** Information follows **
(* In the setting described in the context, assume $c>\max\{0.56\,b^3,\,0.001\,a_2^2b^2\}$ and $b>10^5$. If $z=v_m=w_n$ for some integers $m,n$ with $n\geq 4$, then $m\equiv n\pmod 2$; moreover $n>0.09226\,b^{-1/2}c^{1/4}$ if $n$ is odd, and $n>0.340134\,b^{-1/2}c^{1/2}$ if $n$ is even.
   Context: A $D(4)$-quadruple is a set of four distinct positive integers such that the product of any two distinct elements increased by $4$ is a perfect square. Setting: $a_1<a_2<b<c<d$ are positive integers such that $\{a_1,b,c,d\}$ and $\{a_2,b,c,d\}$ are $D(4)$-quadruples. Let $r_2,s_2,t,z$ be the positive integers with $a_2b+4=r_2^2$, $a_2c+4=s_2^2$, $bc+4=t^2$, $cd+4=z^2$. For integers $z_{(0)},x_{(0)},z_{(1)},y_{(1)}$ define the sequences $v_0=z_{(0)}$, $v_1=\frac12(s_2z_{(0)}+cx_{(0)})$, $v_{m+2}=s_2v_{m+1}-v_m$, and $w_0=z_{(1)}$, $w_1=\frac12(tz_{(1)}+cy_{(1)})$, $w_{n+2}=tw_{n+1}-w_n$. The value $z$ admits a representation $z=v_m=w_n$ with nonnegative integers $m,n$ where either (i) $m\equiv n\equiv 0\pmod 2$, $x_{(0)}=y_{(1)}=2$, $|z_{(0)}|=|z_{(1)}|=2$, $z_{(0)}z_{(1)}>0$; or (ii) $m\equiv n\equiv 1\pmod 2$, $x_{(0)}=y_{(1)}=r_2$, $|z_{(0)}|=t$, $|z_{(1)}|=s_2$, $z_{(0)}z_{(1)}>0$. The statement ''$z=v_m=w_n$'' refers to such a representation. *)

From Stdlib Require Import ZArith Reals Lia Lra.
Open Scope R_scope.

Definition is_square (x : Z) : Prop := exists k : Z, x = (k * k)%Z.

Definition D4_quadruple (a b c d : Z) : Prop :=
  (0 < a)%Z /\ (0 < b)%Z /\ (0 < c)%Z /\ (0 < d)%Z /\
  a <> b /\ a <> c /\ a <> d /\ b <> c /\ b <> d /\ c <> d /\
  is_square (a * b + 4) /\ is_square (a * c + 4) /\ is_square (a * d + 4) /\
  is_square (b * c + 4) /\ is_square (b * d + 4) /\ is_square (c * d + 4).
Lemma continuous_pair (T : topologicalType) (f g : T -> R) t :
  {for t, continuous f} -> {for t, continuous g} ->
  {for t, continuous (fun x => (f x, g x))}.
Proof. exact: cvg_pair. Qed.

Lemma continuous_line (p v : R * R) :
  continuous (fun t : R => (p.1 + t * v.1, p.2 + t * v.2)).
Proof.
by move=> t; apply: (@continuous_pair R (fun t => p.1 + t * v.1) (fun t => p.2 + t * v.2));
  exact: continuous_affine.
Qed.

Lemma affine_combE p q t :
  affine_comb p q t = (p.1 + t * (q.1 - p.1), p.2 + t * (q.2 - p.2)).
Proof. by rewrite /affine_comb; congr pair; ring. Qed.

Lemma connected_image_interval (T : topologicalType) (h : R -> T) (S : set R) :
  is_interval S -> (forall y, S y -> {for y, continuous h}) -> connected (h @` S).
Proof.
move=> iS hc; apply: connected_continuous_connected; first exact/connected_intervalP.
rewrite continuous_subspace_in => y; rewrite inE => Sy.
exact/continuous_subspaceT_for/hc.
Qed.

Lemma connected_range_line (p v : R * R) :
  connected (range (fun t : R => (p.1 + t * v.1, p.2 + t * v.2))).
Proof. by apply: connected_image_interval => // t _; exact: continuous_line. Qed.

Lemma affine_subspace_connected C : affine_subspace C -> connected C.
Proof.
move=> [[c Cc] Caff].
have -> : C = \bigcup_(q in C) range (affine_comb c q).
  apply/seteqP; split=> [z Cz|z [q Cq [t _ <-]]]; last exact: Caff.
  exists z => //; exists 1 => //.
  by rewrite /affine_comb; case: z {Cz} => x y /=; congr pair; ring.
apply: bigcup_connected.
  exists c => q Cq; exists 0 => //.
  by rewrite /affine_comb; case: c {Cc} => x y /=; congr pair; ring.
move=> q Cq; set v := (q.1 - c.1, q.2 - c.2).
have -> : affine_comb c q = (fun t => (c.1 + t * v.1, c.2 + t * v.2)).
  by apply: funext => t; rewrite affine_combE.
exact: connected_range_line.
Qed.

Lemma Vaff_absorb V C D : Vaff V C -> connected D -> D `<=` V ->
  (exists z, D z /\ C z) -> D `<=` C.
Proof.
move=> [Caff [CV Cn]] cD DV [z [Dz Cz]].
apply: contrapT => nDC; apply: Cn; exists z; split; first exact: CV.
split; first exact/connected_component_max/affine_subspace_connected.
move=> compC; apply: nDC => w Dw; apply: compC.
exact: (connected_component_max Dz DV cD).
Qed.

Lemma VaffI V C : affine_subspace C -> C `<=` V ->
  (forall D, connected D -> D `<=` V -> (exists z, D z /\ C z) -> D `<=` C) ->
  Vaff V C.
Proof.
move=> Caff CV absorb; split => //; split => //.
move=> [x [Vx [Cx nCx]]]; apply: nCx; apply: absorb.
- exact: component_connected.
- exact: connected_component_sub.
- by case: Caff => [[c Cc] _]; exists c; split => //; apply: Cx.
Qed.

Lemma Vaff_connected V : connected V ->
  Vaff V = [set C | C = V /\ affine_subspace V].
Proof.
move=> cV; apply/seteqP; split => C; last first.
  by move=> [-> Va]; apply: VaffI.
move=> VaffC; have [Caff [CV _]] := VaffC.
have VC : V `<=` C.
  apply: (Vaff_absorb VaffC) => //.
  by case: Caff => [[c Cc] _]; exists c; split => //; apply: CV.
have CVE : C = V by apply/seteqP; split.
by rewrite -CVE.
Qed.

Lemma affine_subspaceT : affine_subspace (@setT (R * R)).
Proof. by split => //; exists (0, 0). Qed.

Lemma affine_subspace1 z : affine_subspace [set z].
Proof.
split; first by exists z.
by move=> a b /= -> -> t; case: z => x y /=; congr pair; ring.
Qed.

Lemma VaffT : Vaff (@setT (R * R)) = [set setT].
Proof.
rewrite Vaff_connected; last exact/affine_subspace_connected/affine_subspaceT.
apply/seteqP; split => C /=; first by case.
by move=> ->; split => //; exact: affine_subspaceT.
Qed.

Lemma Vaff0 : Vaff (@set0 (R * R)) = set0.
Proof.
rewrite Vaff_connected; last exact: connected0.
by apply/seteqP; split => C //= [_ [[z]]].
Qed.

Lemma Vaff1 z : Vaff [set z] = [set [set z]].
Proof.
rewrite Vaff_connected; last exact: connected1.
apply/seteqP; split => C /=; first by case.
by move=> ->; split => //; exact: affine_subspace1.
Qed.

End IsolatedAffine.

(** * Level sets of a linear form *)

Section LevelSets.
Variable R : realType.
Implicit Types (C D : set (R * R)) (S : set R).

Definition interval_free S :=
  forall u u', S u -> S u' -> u < u' -> exists2 w, u < w < u' & ~ S w.

Definition level_line (al be u : R) : set (R * R) := [set z | al * z.1 + be * z.2 = u].

Lemma continuous_linear_form (al be : R) :
  continuous (fun z : R * R => al * z.1 + be * z.2).
Proof.
by move=> z; apply: cvgD; apply: cvgM; (exact: cvg_cst || exact: cvg_fst || exact: cvg_snd).
Qed.

(* phi maps D onto an interval contained in S, and such an interval is a point. *)
Lemma linear_form_constant (al be : R) S D : interval_free S -> connected D ->
  (forall z, D z -> S (al * z.1 + be * z.2)) ->
  forall z1 z2, D z1 -> D z2 -> al * z1.1 + be * z1.2 = al * z2.1 + be * z2.2.
Proof.
move=> freeS cD DS.
set phi := fun z : R * R => al * z.1 + be * z.2.
have /connected_intervalP iD : connected (phi @` D).
  exact/connected_continuous_connected/continuous_subspaceT/continuous_linear_form.
have not_lt z1 z2 : D z1 -> D z2 -> ~ phi z1 < phi z2.
  move=> D1 D2 lt12; have [w /andP[w1 w2] nSw] := freeS _ _ (DS _ D1) (DS _ D2) lt12.
  have [z Dz zw] : (phi @` D) w by apply: (iD (phi z1) (phi z2)); rewrite ?(ltW w1) ?(ltW w2).
  by apply: nSw; rewrite -zw; apply: DS.
move=> z1 z2 D1 D2; apply/eqP; rewrite eq_le !leNgt.
by apply/andP; split; apply/negP; [exact: (not_lt z2 z1) | exact: (not_lt z1 z2)].
Qed.

Lemma level_line_affine (al be u : R) : (al != 0) || (be != 0) ->
  affine_subspace (level_line al be u).
Proof.
move=> nz; have n0 : al ^+ 2 + be ^+ 2 != 0.
  by rewrite paddr_eq0 ?sqr_ge0 // !sqrf_eq0 negb_and.
split.
  exists (u * al / (al ^+ 2 + be ^+ 2), u * be / (al ^+ 2 + be ^+ 2)).
  by rewrite /level_line /=; field.
move=> p q /= hp hq t; rewrite /level_line /= in hp hq *.
rewrite -[u](_ : (1 - t) * u + t * u = u); last by ring.
by rewrite -{1}hp -hq; ring.
Qed.

Lemma Vaff_level_sets (al be : R) S : (al != 0) || (be != 0) -> interval_free S ->
  Vaff [set z | S (al * z.1 + be * z.2)] = [set C | exists2 u, S u & C = level_line al be u].
Proof.
move=> nz freeS; apply/seteqP; split => C.
  move=> VaffC; have [Caff [CV _]] := VaffC; have [[c Cc] _] := Caff.
  exists (al * c.1 + be * c.2); first exact: CV.
  apply/seteqP; split => z.
    move=> Cz; rewrite /level_line /=.
    by apply: (linear_form_constant freeS (affine_subspace_connected Caff)) => // w /CV.
  apply: (Vaff_absorb VaffC) => [|w /= ->|]; last by exists c.
    exact/affine_subspace_connected/level_line_affine.
  exact: CV.
move=> [u Su ->]; apply: VaffI => [|z /= ->//|D cD DV [z [Dz Lz]] w Dw].
  exact: level_line_affine.
by rewrite /level_line /= -Lz; apply: (linear_form_constant freeS cD DV).
Qed.

(* A nonzero polynomial vanishing on ]u, u'[ would have the infinitely many roots
   u + (u' - u) / (i + 2). *)
Lemma root_interval_free (p : {poly R}) : p != 0 -> interval_free (root p).
Proof.
move=> pn u u' ru ru' uu'; apply: contrapT => allroot.
have inside_root w : u < w < u' -> root p w.
  by move=> hw; apply: contrapT => nr; apply: allroot; exists w.
have du : 0 < u' - u by rewrite subr_gt0.
set f := fun i : nat => u + (u' - u) / (i.+2)%:R.
have f_in i : u < f i < u'.
  have h1 : 0 < (u' - u) / (i.+2)%:R by rewrite divr_gt0 ?ltr0n.
  have h2 : (u' - u) / (i.+2)%:R < u' - u.
    by rewrite ltr_pdivrMr ?ltr0n // ltr_pMr // ltr1n.
  by rewrite /f; move: h1 h2; set q := _ / _ => h1 h2; apply/andP; split; lra.
have f_inj : injective f.
  move=> i j /addrI /(congr1 (fun x => (u' - u)^-1 * x)).
  by rewrite !mulKf ?gt_eqF // => /invr_inj/eqP; rewrite eqr_nat => /eqP [].
have all_root : all (root p) (map f (iota 0 (size p))).
  by apply/allP => x /mapP [i _ ->]; apply: inside_root.
have := max_poly_roots pn all_root.
by rewrite map_inj_uniq ?iota_uniq // size_map size_iota ltnn => /(_ isT).
Qed.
** End of Information **
=== Work to complete ===
Which lines of the entries above contain the string "VaffC"? Copy each one.

=== Solution to this exercise ===
move=> VaffC; have [Caff [CV _]] := VaffC.
  apply: (Vaff_absorb VaffC) => //.
  move=> VaffC; have [Caff [CV _]] := VaffC; have [[c Cc] _] := Caff.
  apply: (Vaff_absorb VaffC) => [|w /= ->|]; last by exists c.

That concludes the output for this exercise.